Collection entries:
--------------------

Lemma chi_blocks r X (blk : T -> {set T}) k : 0 < k ->
  (forall x, x \in X -> x \in blk x) ->
  (forall x y, x \in X -> y \in X -> r x y -> blk x = blk y) ->
  (forall x, x \in X -> chi r (blk x) <= k) ->
  chi r X <= k.
Proof.
move=> k_gt0 blk_self blk_edge blk_chi.
apply: (@chi_le_colouring r X k (fun x => chi_colour r (blk x) x)) => //.
  by move=> x Xx; apply: leq_trans (chi_colour_lt _ _ _) (blk_chi x Xx).
move=> x y Xx Xy xy rxy; have blk_xy := blk_edge x y Xx Xy rxy.
rewrite blk_xy; apply: chi_colour_proper; rewrite ?blk_self //.
by rewrite -blk_xy blk_self.
Qed.

End Colouring.

Lemma chi_closed_nbhd_le (T : finType) (e : rel T) v :
  chi e (closed_nbhd e v) <= chi1 e.
Proof. exact: (@leq_bigmax _ (fun v => chi e (closed_nbhd e v)) v). Qed.

Lemma chi1_gt0 (T : finType) (t0 : T) (e : rel T) : 0 < chi1 e.
Proof. exact: leq_trans (chi_gt0 t0 _ _) (chi_closed_nbhd_le e t0). Qed.

Lemma connect_forward_closed (T : finType) (r : rel T) (C : {set T}) :
  (forall a b, a \in C -> r a b -> b \in C) ->
  forall y z, y \in C -> connect r y z -> z \in C.
Proof.
move=> C_closed y z Cy /connectP [p r_p ->].
by elim: p y Cy r_p => //= a p IHp y Cy /andP [/(C_closed _ _ Cy) Ca /IHp]; apply.
Qed.

Section Components.
Variables (T : finType) (e : rel T).
Hypothesis e_sym : symmetric e.
Implicit Types (A B N X : {set T}).

Definition induced_rel A : rel T := [rel a b | [&& a \in A, b \in A & e a b]].
Arguments induced_rel A /.

Definition component A x : {set T} := [set y in A | connect (induced_rel A) x y].

Lemma induced_rel_sym A : symmetric (induced_rel A).
Proof. by move=> a b; rewrite /= e_sym andbCA. Qed.

Lemma mem_component A x : x \in A -> x \in component A x.
Proof. by move=> Ax; rewrite inE Ax connect0. Qed.

Lemma component_sub A x : component A x \subset A.
Proof. by apply/subsetP => y /setIdP []. Qed.

Lemma component_closed A x y z :
  y \in component A x -> z \in A -> e y z -> z \in component A x.
Proof.
move=> /setIdP [Ay xy] Az yz; rewrite inE Az.
by apply: connect_trans xy (connect1 _); rewrite /= Ay Az yz.
Qed.

Lemma component_eq A x y : y \in component A x -> component A y = component A x.
Proof.
move=> /setIdP [_ xy]; apply/setP => z; rewrite !inE; case: (z \in A) => //=.
apply/idP/idP => [yz | xz]; first exact: connect_trans xy yz.
by rewrite (sym_connect_sym (induced_rel_sym A)) in xy; apply: connect_trans xy xz.
Qed.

--------------------

--- WORK ITEM ---
What is needed is a verbatim copy of every line in the records above from the one containing "forall y z, y" down to the one containing "Implicit Types (A", both included, and nothing more.

--- PROBLEM SOLUTION ---
  forall y z, y \in C -> connect r y z -> z \in C.
Proof.
move=> C_closed y z Cy /connectP [p r_p ->].
by elim: p y Cy r_p => //= a p IHp y Cy /andP [/(C_closed _ _ Cy) Ca /IHp]; apply.
Qed.

Section Components.
Variables (T : finType) (e : rel T).
Hypothesis e_sym : symmetric e.
Implicit Types (A B N X : {set T}).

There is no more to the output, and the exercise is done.